(Collected data)
- Opening Delimiter -
Lemma delta_end k : (1 <= k)%N -> dl H.+1 k = 0.
Proof.
move=> k1; apply/eqP; rewrite eq_le delta_ge0 andbT; apply: delta_le => // s a b.
by rewrite Qk_end // Qstar_end subrr normr0.
Qed.

Lemma reg_end k : reg H.+1 k = 0.
Proof. by rewrite /reg eqxx. Qed.

Lemma reg_ge h k s : (h <= H)%N ->
  reg_mu H r P alpha mu nu h k s <= reg h k /\ reg_nu H r P alpha mu nu h k s <= reg h k.
Proof.
move=> hH; rewrite /reg ifN ?neq_ltn ?ltnS ?hH //.
set f := fun s => Num.max (reg_mu H r P alpha mu nu h k s) (reg_nu H r P alpha mu nu h k s).
have : f s <= sup [set f s | s in [set: S]].
  apply: (le_sup_image (M := \sum_s `|f s|)) => // s' _.
  rewrite (bigD1 s') //=; apply: le_trans (ler_norm _) _.
  by rewrite lerDl sumr_ge0.
by rewrite ge_max => /andP[].
Qed.

Hypothesis alpha_01 : forall k, (1 <= k)%N -> 0 <= alpha k <= 1.
Hypothesis alpha1 : alpha 1%N = 1.
Hypothesis policy_simplex : forall k h s, (1 <= k)%N -> (1 <= h <= H)%N ->
  simplex A (mu k h s) /\ simplex B (nu k h s).
Hypothesis P_stochastic : forall h s a b, (1 <= h <= H)%N ->
  (forall s', 0 <= P h s a b s') /\ \sum_s' P h s a b s' = 1.

Lemma Qk_alphakt_sum k h s a b : (1 <= k)%N -> (1 <= h <= H)%N ->
  Q k h s a b = \sum_(1 <= t < k.+1) alphakt alpha k t * (r h s a b + Pf P h (Vk t h.+1) s a b).
Proof.
case: k => // k _ hh; elim: k => [|k IH].
  by rewrite alphakt_sum1 // Qk_unfold // alpha1 subrr mul0r add0r mul1r.
by rewrite alphakt_sumS Qk_unfold // IH.
Qed.

Lemma Pf_norm_le h s a b (f : S -> R) c : (1 <= h <= H)%N ->
  (forall s', `|f s'| <= c) -> `|Pf P h f s a b| <= c.
Proof.
move=> hh fc; have [P0 P1] := P_stochastic s a b hh; rewrite /Pf.
apply: le_trans (ler_norm_sum _ _ _) _.
rewrite -[c]mul1r -P1 mulr_suml; apply: ler_sum => s' _.
by rewrite normrM ger0_norm // ler_wpM2l.
Qed.

Lemma Qk_sub_Qstar k h s a b : (1 <= k)%N -> (1 <= h <= H)%N ->
  Q k h s a b - Qs h s a b =
  Pf P h (fun s' => \sum_(1 <= t < k.+1) alphakt alpha k t * Vk t h.+1 s' - Vstar h.+1 s') s a b.
Proof.
move=> k1 hh; rewrite Qk_alphakt_sum // Qstar_unfold //.
under eq_bigr do rewrite mulrDr.
rewrite big_split /= -mulr_suml sum_alphakt // mul1r opprD addrACA subrr add0r.
rewrite /Pf; under [RHS]eq_bigr do rewrite mulrBr.
rewrite sumrB; congr (_ - _).
under eq_bigr do rewrite mulr_sumr.
rewrite exchange_big /=; apply: eq_bigr => s' _; rewrite mulr_sumr; apply: eq_bigr => t _.
by rewrite mulrCA.
Qed.

Lemma Vk_near_Vstar k h s : (1 <= k)%N -> (1 <= h <= H)%N ->
  `|\sum_(1 <= t < k.+1) alphakt alpha k t * Vk t h s - Vstar h s|
  <= \sum_(1 <= t < k.+1) alphakt alpha k t * dl h t + reg h k.
Proof.
move=> k1 hh; have [reg_mu_le reg_nu_le] := reg_ge k s (proj2 (andP hh)).
have t_ge1 t : t \in index_iota 1 k.+1 -> (1 <= t)%N by rewrite mem_index_iota => /andP[].
apply: averaged_play_near_value reg_mu_le reg_nu_le.
- by move=> t /t_ge1; exact: alphakt_ge0.
- exact: sum_alphakt.
- by move=> t /t_ge1 t1; have [] := policy_simplex s t1 hh.
- by move=> t /t_ge1 t1; have [] := policy_simplex s t1 hh.
- by move=> t _ a b; exact: le_delta.
Qed.

Lemma Vk_end t s : (1 <= t)%N -> Vk t H.+1 s = 0.
Proof.
move=> t1; rewrite /Vk Qk_end // /ip big1 // => a _.
by rewrite big1 // => b _; rewrite mulr0.
Qed.

Lemma Vstar_end s : Vstar H.+1 s = 0.
Proof. by rewrite /Vstar Qstar_end game_value0. Qed.

Lemma delta_recursion k h : (1 <= k)%N -> (1 <= h <= H)%N ->
  dl h k <= \sum_(1 <= t < k.+1) alphakt alpha k t * dl h.+1 t + reg h.+1 k.
Proof.
move=> k1 hh; set c := (X in _ <= X).
have next_err s' :
    `|\sum_(1 <= t < k.+1) alphakt alpha k t * Vk t h.+1 s' - Vstar h.+1 s'| <= c.
  have [hH|Hh] := ltnP h H; first by apply: Vk_near_Vstar; rewrite // ltnS ltnW.
  have eh : h = H by apply/eqP; rewrite eqn_leq Hh (proj2 (andP hh)).
  rewrite /c eh Vstar_end reg_end.
  rewrite big_nat_cond big1 => [|t /andP[/andP[t1 _] _]]; last by rewrite Vk_end // mulr0.
  rewrite big_nat_cond big1 => [|t /andP[/andP[t1 _] _]]; last by rewrite delta_end // mulr0.
  by rewrite subrr normr0 addr0.
case: (pselect (exists s : S, True)) => [[s0 _]|S0].
  apply: delta_le => [|s a b]; first exact: le_trans (normr_ge0 _) (next_err s0).
  by rewrite Qk_sub_Qstar //; apply: Pf_norm_le.
(* Without states, delta is an empty max (0) and reg_{h+1}^k is sup set0 = 0. *)
have setT0 : [set: S] = set0 by apply/seteqP; split=> // s _; apply: S0; exists s.
rewrite /delta /c /reg big_pred0 => [|s]; last by apply/negP => _; apply: S0; exists s.
rewrite setT0 image_set0 sup0 if_same addr0 big_nat_cond sumr_ge0 // => t /andP[/andP[t1 _] _].
by rewrite mulr_ge0 ?alphakt_ge0 ?delta_ge0.
Qed.

End MarkovGame.

Section RescaledRates.
Variables (R : realType) (S A B : finType) (H : nat).
Variables (r : nat -> S -> A -> B -> R) (P : nat -> S -> A -> B -> S -> R).
Variables (alpha : nat -> R) (mu : nat -> nat -> S -> A -> R) (nu : nat -> nat -> S -> B -> R).
Variable regb : nat -> R.

Local Notation dl := (delta H r P alpha mu nu).

Hypothesis H_gt0 : (0 < H)%N.
Hypothesis alpha_01 : forall k, (1 <= k)%N -> 0 <= alpha k <= 1.
Hypothesis policy_simplex : forall k h s, (1 <= k)%N -> (1 <= h <= H)%N ->
  simplex A (mu k h s) /\ simplex B (nu k h s).
Hypothesis P_stochastic : forall h s a b, (1 <= h <= H)%N ->
  (forall s', 0 <= P h s a b s') /\ \sum_s' P h s a b s' = 1.
Hypothesis alphaE : forall k, (1 <= k)%N -> alpha k = H.+1%:R / (H + k)%:R.
Hypothesis regb_ge0 : forall k, (1 <= k)%N -> 0 <= regb k.
Hypothesis regb_noninc : forall k, (1 <= k)%N -> regb k.+1 <= regb k.
Hypothesis reg_le_regb : forall h k, (1 <= h <= H.+1)%N -> (1 <= k)%N ->
  reg H r P alpha mu nu h k <= regb k.

Let cumreg k := \sum_(1 <= t < k.+1) regb t.

Let cumreg_ge0 k : 0 <= cumreg k.
Proof. by rewrite /cumreg big_nat_cond sumr_ge0 // => t /andP[/andP[t1 _] _]; apply: regb_ge0. Qed.

Let cumregS k : cumreg k <= cumreg k.+1.
Proof. by rewrite /cumreg [leRHS]big_nat_recr //= lerDl regb_ge0. Qed.

Let regb_le t k : (1 <= t <= k)%N -> regb k <= regb t.
Proof.
case/andP=> t1; elim: k => [|k IH]; first by rewrite leqn0 => /eqP t0; rewrite t0 in t1.
rewrite leq_eqVlt => /orP[/eqP -> //|]; rewrite ltnS => tk.
exact: le_trans (regb_noninc (leq_trans t1 tk)) (IH tk).
Qed.

Lemma regb_le_mean k : (1 <= k)%N -> regb k <= cumreg k / k%:R.
Proof.
move=> k1; rewrite ler_pdivlMr ?ltr0n //.
have : \sum_(1 <= t < k.+1) regb k <= cumreg k.
  rewrite /cumreg big_nat_cond [leRHS]big_nat_cond.
  by apply: ler_sum => t /andP[tk _]; apply: regb_le; rewrite -ltnS.
by rewrite sumr_const_nat subn1 /= mulr_natr.
Qed.

Definition err_coef n : R := H%:R * ((1 + H%:R^-1) ^+ n - 1).

Lemma err_coef_ge0 n : 0 <= err_coef n.
Proof. by rewrite /err_coef mulr_ge0 // subr_ge0 exprn_ege1 // lerDl invr_ge0. Qed.

Lemma err_coefS n : err_coef n.+1 = err_coef n * (1 + H%:R^-1) + 1.
Proof. by rewrite /err_coef exprS; field; rewrite pnatr_eq0 -lt0n. Qed.

Lemma err_coef_le n : (n <= H)%N -> err_coef n <= 2 * H%:R.
Proof.
move=> nH; have H0 : 0 < H%:R :> R by rewrite ltr0n.
have : (1 + H%:R^-1) ^+ n <= 3 :> R.
  apply: le_trans (exprn_1DV_le3 R H_gt0).
  by apply: ler_weXn2l nH; rewrite lerDl invr_ge0 ltW.
by rewrite /err_coef mulrC ler_pM2r //; lra.
Qed.

Lemma delta_le_err_coef n k : (n <= H)%N -> (1 <= k)%N ->
  dl (H.+1 - n) k <= err_coef n * (cumreg k / k%:R).
Proof.
elim: n k => [|n IH] k nH k1.
  by rewrite subn0 delta_end // mulr_ge0 ?err_coef_ge0 ?divr_ge0.
have hh : (1 <= H.+1 - n.+1 <= H)%N by rewrite subSS subn_gt0 nH leq_subr.
have eh : (H.+1 - n.+1).+1 = (H.+1 - n)%N by rewrite subSS subSn // ltnW.
apply: le_trans (delta_recursion r alpha_01 (rescaled_rate1 alphaE) policy_simplex P_stochastic k1 hh) _.
rewrite eh.
apply: le_trans (_ : err_coef n * ((1 + H%:R^-1) * (cumreg k / k%:R)) + cumreg k / k%:R <= _).
  apply: lerD.
    apply: le_trans (_ : \sum_(1 <= t < k.+1) alphakt alpha k t * (err_coef n * (cumreg t / t%:R)) <= _).
      by apply: ler_alphakt_sum => // t /andP[t1 _]; exact: IH (ltnW nH) t1.
    under eq_bigr do rewrite mulrCA.
    rewrite -mulr_sumr; apply: ler_wpM2l; first exact: err_coef_ge0.
    exact: alphakt_sum_means_le.
  apply: le_trans (regb_le_mean k1); apply: reg_le_regb => //.
  by rewrite subn_gt0 ltnS (ltnW nH) leq_subr.
by rewrite err_coefS [leRHS]mulrDl mul1r [in leLHS]mulrA.
Qed.

Lemma delta_le_mean_regret k h : (1 <= k)%N -> (1 <= h <= H.+1)%N ->
  dl h k <= 2 * H%:R / k%:R * cumreg k.
Proof.
move=> k1 /andP[h1 hH1]; have nH : (H.+1 - h <= H)%N by rewrite leq_subLR -addn1 addnC leq_add2r.
rewrite -[h](subKn hH1); apply: le_trans (delta_le_err_coef nH k1) _.
rewrite [leRHS]mulrAC -[leRHS]mulrA.
by apply: ler_wpM2r (err_coef_le nH); rewrite divr_ge0.
Qed.

End RescaledRates.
- Closing Delimiter -
■ **Work to complete**
Determine how many lines of the entries hold "cumreg", and reply with that number only.

■ **Response for this exercise**
12